Problem to work on - Find "have gap_lt : g.+1" in the data below; transcribe the line it appears on and each line after it, exactly, to the end, and nothing else.

"""

Lemma subseq_rcons2 (T : eqType) (s u : seq T) x y :
  subseq (rcons s x) (rcons u y) -> subseq s u.
Proof.
rewrite -subseq_rev !rev_rcons /=; case: eqP => _; first by rewrite subseq_rev.
by move/(subseq_trans (subseq_cons _ x)); rewrite subseq_rev.
Qed.

Lemma subseq_decr_then_max t q0 q1 q2 q3 :
  subseq [:: q0; q1; q2; q3] (decr_then_max t) -> q1 < q0 /\ q2 < q1.
Proof.
rewrite -[[:: q0; q1; q2; q3]]/(rcons [:: q0; q1; q2] q3) => /subseq_rcons2/subseq_sorted.
have gt_trans : transitive (fun x y => y < x) by move=> x y z h1 h2; apply: ltn_trans h2 h1.
by move=> /(_ _ gt_trans); rewrite rev_sorted iota_ltn_sorted => /(_ isT)/and3P[].
Qed.

(* Any four entries of the pattern begin with a descent of length three,
   whereas each of 2314, 3124, 3142 has an ascent among its first three. *)
Lemma decr_then_max_avoids t r : r \in basis Inf -> ~ involved r (decr_then_max t).
Proof.
rewrite !inE => /or3P[]/eqP-> [q [sub_q Hsz iso]].
all: case: q sub_q Hsz iso => [|q0 [|q1 [|q2 [|q3 [|]]]]] // sub_q _ iso.
all: have [h1 h2] := subseq_decr_then_max sub_q.
- by have := iso 0 1 isT isT; rewrite /= ltnNge (ltnW h1).
- by have := iso 1 2 isT isT; rewrite /= ltnNge (ltnW h2).
- by have := iso 1 2 isT isT; rewrite /= ltnNge (ltnW h2).
Qed.

Definition sorted_state (n : nat) : state := ([::], [::], iota 1 n).

Lemma reachE s t i w o y : reach s t (i, w, o) y ->
  [\/ y = (i, w, o),
      exists k, [/\ allowed s k, k <= size i & reach s t (drop k i, take k i ++ w, o) y] |
      exists l, [/\ allowed t l, l <= size w & reach s t (i, drop l w, take l w ++ o) y]].
Proof.
move Ex: (i, w, o) => x Hr; case: Hr Ex => [x0 <-|x0 y0 z0 Hm Hr]; first by constructor 1.
case: Hm Hr => [i' w' o' k Hk Hki|i' w' o' l Hl Hlw] Hr [-> -> ->].
- by constructor 2; exists k.
- by constructor 3; exists l.
Qed.

Lemma reach_output_suffix s t x y : reach s t x y -> suffix x.2 y.2.
Proof.
elim=> [z|x0 y0 z Hm _ IH]; first exact: suffix_refl.
apply: suffix_trans IH; case: Hm => [i w o k _ _|i w o l _ _] /=.
- exact: suffix_refl.
- exact: suffix_suffix.
Qed.

Lemma reach_sorted_output s t i w o n : reach s t (i, w, o) (sorted_state n) ->
  forall x y, x \in o -> x <= y <= n -> y \in o.
Proof.
move=> /reach_output_suffix/suffixP[u /= Hu] x y.
have -> : o = drop (size u) (iota 1 n) by rewrite Hu drop_size_cat.
by rewrite drop_iota !mem_iota; lia.
Qed.

Lemma reach_widen_out s t x y : reach s (Fin t) x y -> reach s Inf x y.
Proof.
elim=> [z|x0 y0 z Hm _ IH]; first exact: reach_refl.
apply: reach_step IH; case: Hm => [i w o k Hk Hki|i w o l /andP[Hl _] Hlw].
- exact: move_in.
- by apply: move_out => //; rewrite /allowed Hl.
Qed.

Lemma allowed_Fin1 k : allowed (Fin 1) k -> k = 1.
Proof. by case/andP; case: k => [|[]]. Qed.

(* With input capacity 1 the values [t+1, ..., 1] of [decr_then_max t] reach the
   working stack one at a time, so nothing can be output before [t+2] has been
   pushed on top of [1 .. t+1]; then [t+2] must leave alone and the run
   [1 .. t+1] left behind is too long to be moved out. *)
Section DecrThenMaxUnsortable.
Variable t : nat.

Lemma unsortable_after_max :
  ~ reach (Fin 1) (Fin t) ([::], iota 1 t.+1, [:: t.+2]) (sorted_state t.+2).
Proof.
case/reachE => [//|[k [/andP[k_gt0 _] /=]]|[l [/andP[l_gt0 l_le] _]]]; first by lia.
rewrite take_iota (minn_idPl (leqW l_le)) => /reach_sorted_output/(_ 1 t.+1).
by rewrite !mem_cat !mem_iota !inE; lia.
Qed.

Lemma unsortable_max_on_top :
  ~ reach (Fin 1) (Fin t) ([::], t.+2 :: iota 1 t.+1, [::]) (sorted_state t.+2).
Proof.
case/reachE => [//|[k [/andP[k_gt0 _] /=]]|[[|[|l]] [/andP[_ l_le] _]]] //; first by lia.
  exact: unsortable_after_max.
rewrite cats0 /= take_iota (minn_idPl (ltnW (ltnW l_le))) => /reach_sorted_output/(_ 1 t.+1).
by rewrite !inE !mem_iota; lia.
Qed.

Lemma unsortable_pushing i w : rev w ++ i = rev (iota 1 t.+1) ->
  ~ reach (Fin 1) (Fin t) (rcons i t.+2, w, [::]) (sorted_state t.+2).
Proof.
have no_output i' w' l i'' : rev w' ++ i' = rev (iota 1 t.+1) -> 0 < l -> l <= size w' ->
    ~ reach (Fin 1) (Fin t) (i'', drop l w', take l w' ++ [::]) (sorted_state t.+2).
  move=> Hw' l_gt0 l_le; rewrite cats0 => /reach_sorted_output out_up.
  have w'_small x : x \in w' -> x <= t.+1.
    move=> Hx; have : x \in rev (iota 1 t.+1) by rewrite -Hw' mem_cat mem_rev Hx.
    by rewrite mem_rev mem_iota; lia.
  case: w' l_le w'_small out_up {Hw'} => [|x w''] /=; first by lia.
  move=> _ w'_small; rewrite -(prednK l_gt0) /= => out_up.
  have x_small := w'_small x (mem_head _ _).
  have : t.+2 \in x :: take l.-1 w'' by apply: out_up (mem_head _ _) _; lia.
  rewrite inE => /orP[/eqP|/mem_take in_w'']; first lia.
  by have := w'_small t.+2; rewrite inE in_w'' orbT => /(_ isT); lia.
elim: i w => [|x i IH] w Hw; case/reachE => [|[k [/allowed_Fin1-> _]]|[l [/andP[l_gt0 _] l_le]]].
- by case: w Hw.
- have -> /= : w = iota 1 t.+1 by rewrite -[w]revK -[iota _ _]revK -Hw cats0.
  exact: unsortable_max_on_top.
- exact: no_output Hw l_gt0 l_le.
- by case.
- by rewrite /= drop0 take0 => /IH; apply; rewrite rev_cons cat_rcons.
- exact: no_output Hw l_gt0 l_le.
Qed.
End DecrThenMaxUnsortable.

Lemma decr_then_max_unsortable t : ~ sortable (Fin 1) (Fin t) (decr_then_max t).
Proof. by rewrite /sortable decr_then_max_size; apply: unsortable_pushing. Qed.

Definition next_states (x : state) : seq state :=
  let: (i, w, o) := x in
  (if i is _ :: _ then [:: (drop 1 i, take 1 i ++ w, o)] else [::]) ++
  [seq (i, drop l w, take l w ++ o) | l <- iota 1 (size w)].

Fixpoint reachable_within n (x y : state) : bool :=
  (x == y) || if n is n'.+1 then has (reachable_within n' ^~ y) (next_states x) else false.

Definition weight (x : state) : nat := let: (i, w, _) := x in 2 * size i + size w.

Lemma move_next_state x y : move (Fin 1) Inf x y -> y \in next_states x /\ weight y < weight x.
Proof.
case=> [i w o k /allowed_Fin1-> Hki | i w o l /andP[l_gt0 _] l_le].
- by case: i Hki => // g i _; rewrite /= drop0 take0 cat0s inE eqxx; split => //; lia.
- split; last by rewrite /= size_drop; lia.
  by rewrite mem_cat; apply/orP; right; apply/mapP; exists l; rewrite ?mem_iota; first lia.
Qed.

Lemma reachable_within_complete x y n : reach (Fin 1) Inf x y -> weight x <= n ->
  reachable_within n x y.
Proof.
move=> Hr; elim: Hr n => [z [|n] _|x0 y0 z /move_next_state[Hy0 Hw] _ IH [|n] Hn] /=.
- by rewrite eqxx.
- by rewrite eqxx.
- by lia.
- by apply/orP; right; apply/hasP; exists y0 => //; apply: IH; lia.
Qed.

Lemma unsortable_by_search p :
  ~~ reachable_within (2 * size p) (p, [::], [::]) (sorted_state (size p)) ->
  ~ sortable (Fin 1) Inf p.
Proof. by move=> /negP Hn /reachable_within_complete Hr; apply/Hn/Hr; rewrite /= addn0. Qed.

Lemma basis_Inf_unsortable r : r \in basis Inf -> ~ sortable (Fin 1) Inf r.
Proof. by rewrite !inE => /or3P[]/eqP->; apply: unsortable_by_search; vm_compute. Qed.

Lemma subseq_pair (T : eqType) (x y : T) s : x \in s -> y \in s -> x != y ->
  subseq [:: x; y] s \/ subseq [:: y; x] s.
Proof.
move=> /splitPr[s1 s2]; rewrite mem_cat inE eq_sym => /orP[y_s1|/predU1P[->|y_s2]];
  rewrite ?eqxx // => _.
- by right; rewrite -[[:: y; x]]/([:: y] ++ [:: x]) cat_subseq ?sub1seq // mem_head.
- by left; rewrite -[[:: x; y]]/([::] ++ [:: x; y]) cat_subseq ?sub0seq //= eqxx sub1seq.
Qed.

Section GreedySort.
Variable c : cap.
Hypothesis c_ok : cap_ok c.

Inductive run_stack : seq nat -> Prop :=
| run_stack_nil : run_stack [::]
| run_stack_cons a k (w : seq nat) : allowed c k -> (forall x, x \in w -> x < a) -> run_stack w ->
    run_stack (iota a k ++ w).

Lemma allowed_one : allowed c 1.
Proof. by case: c c_ok. Qed.

Lemma run_stack_singleton g (w : seq nat) :
  (forall x, x \in w -> x < g) -> run_stack w -> run_stack (g :: w).
Proof. exact: run_stack_cons allowed_one. Qed.

Lemma run_extend_allowed g k (v : seq nat) M : allowed c k -> g + k < M ->
  subseq (rev (iota g.+1 k) ++ [:: g; M]) v -> avoids c v -> allowed c k.+1.
Proof.
move=> + HM sub_v; case: c => [t|] //= /andP[k_gt0 k_le] Av.
rewrite /allowed /= ltn_neqAle k_le andbT.
apply/eqP => Ekt; apply: (Av (decr_then_max t)); first by rewrite mem_cat mem_head orbT.
apply: (@involved_decr_then_max t g M); first by lia.
by rewrite -Ekt /= rev_cons -!cats1 -catA.
Qed.

(* A gap below the top run [a ..] means that [a-1] was read either before [a]
   or after the smaller [g]; either way, with the pending maximum [M], one of
   2314, 3124, 3142 shows up. *)
Lemma run_gap_patterns g a k (w' i : seq nat) M : g.+1 < a -> a + k <= M -> 0 < k ->
  a.-1 \in i ++ w' -> M \in i -> ~ avoids c (rev w' ++ rev (iota a k) ++ g :: i).
Proof.
move=> g_lt a_le k_gt0 prev_in M_in Av.
have sub_a : subseq [:: a] (rev (iota a k)) by rewrite sub1seq mem_rev mem_iota; lia.
have wit s1 s3 : subseq s1 (rev w') -> subseq s3 i ->
    subseq (s1 ++ [:: a] ++ g :: s3) (rev w' ++ rev (iota a k) ++ g :: i).
  by move=> h1 h3; rewrite !cat_subseq //= eqxx.
move: prev_in; rewrite mem_cat => /orP[prev_i|prev_w'].
- have prev_M : a.-1 != M by apply/eqP; lia.
  have [sub|sub] := subseq_pair prev_i M_in prev_M.
  + apply: (Av [:: 3; 1; 2; 4]) => //.
    by apply: (@involved_3124 a g a.-1 M _ _ _ (wit [::] _ (sub0seq _) sub)); lia.
  + apply: (Av [:: 3; 1; 4; 2]) => //.
    by apply: (@involved_3142 a g M a.-1 _ _ _ (wit [::] _ (sub0seq _) sub)); lia.
- apply: (Av [:: 2; 3; 1; 4]) => //.
  have sub_prev : subseq [:: a.-1] (rev w') by rewrite sub1seq mem_rev.
  by apply: (@involved_2314 a.-1 a g M _ _ _ (wit _ [:: M] sub_prev _)); rewrite ?sub1seq //; lia.
Qed.

Lemma run_stack_push g (i w : seq nat) M : perm_eq (g :: i ++ w) (iota 1 M) -> M \notin w ->
  run_stack w -> avoids c (rev w ++ g :: i) -> run_stack (g :: w).
Proof.
move=> Pgiw M_w Rw; have U : uniq (g :: i ++ w) by rewrite (perm_uniq Pgiw) iota_uniq.
have range x : (x \in g :: i ++ w) = (0 < x <= M) by rewrite (perm_mem Pgiw) mem_iota add1n ltnS.
case: Rw U range M_w {Pgiw} => [|a k w' Hk w'_lt Rw'] U range.
  by move=> _ _; apply: run_stack_singleton => //; constructor.
rewrite mem_cat mem_iota negb_or => /andP[M_run M_w'].
rewrite rev_cat -catA => Av; have k_gt0 : 0 < k by case/andP: Hk.
move: U => /= /andP[g_notin] _.
have g_run : ~~ (a <= g < a + k).
  by apply: contra g_notin => g_run; rewrite !mem_cat mem_iota g_run !orbT.
have g_w' : g \notin w' by apply: contra g_notin => g_w'; rewrite !mem_cat g_w' !orbT.
have top_le : a + k <= M.
  have top_run : a <= a + k - 1 < a + k by lia.
  move: (range (a + k - 1)); rewrite inE !mem_cat mem_iota top_run /= !orbT => /esym/andP[_].
  by move: M_run; lia.
case: (leqP (a + k) g) => [g_big|g_small].
  apply: run_stack_singleton; last exact: run_stack_cons Hk w'_lt Rw'.
  by move=> x; rewrite mem_cat mem_iota => /orP[|/w'_lt]; lia.
have g_lt_a : g < a by lia.
have M_in : M \in i.
  have : M \in g :: i ++ iota a k ++ w' by rewrite range; lia.
  by rewrite inE !mem_cat mem_iota (negbTE M_run) (negbTE M_w') !orbF => /orP[/eqP|]; first lia.
case: (eqVneq g.+1 a) => [Ea|gap].
  subst a; apply: (@run_stack_cons g k.+1) => //.
    apply: (run_extend_allowed (g := g) (M := M) Hk) Av; first by lia.
    by rewrite -[_ ++ [:: g; M]]cat0s !cat_subseq ?sub0seq //= eqxx sub1seq.
  move=> x x_w'; have := w'_lt x x_w'; have /eqP : x != g by apply: contraNneq g_w' => <-.
  lia.
have gap_lt : g.+1 < a by rewrite ltn_neqAle gap.
exfalso; apply: (run_gap_patterns gap_lt top_le k_gt0 _ M_in Av); rewrite mem_cat.
have : a.-1 \in g :: i ++ iota a k ++ w' by rewrite range; lia.
by rewrite inE !mem_cat mem_iota => /or4P[/eqP|->|/andP[]|->]; rewrite ?orbT //; lia.
Qed.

"""

Exercise solution -
have gap_lt : g.+1 < a by rewrite ltn_neqAle gap.
exfalso; apply: (run_gap_patterns gap_lt top_le k_gt0 _ M_in Av); rewrite mem_cat.
have : a.-1 \in g :: i ++ iota a k ++ w' by rewrite range; lia.
by rewrite inE !mem_cat mem_iota => /or4P[/eqP|->|/andP[]|->]; rewrite ?orbT //; lia.
Qed.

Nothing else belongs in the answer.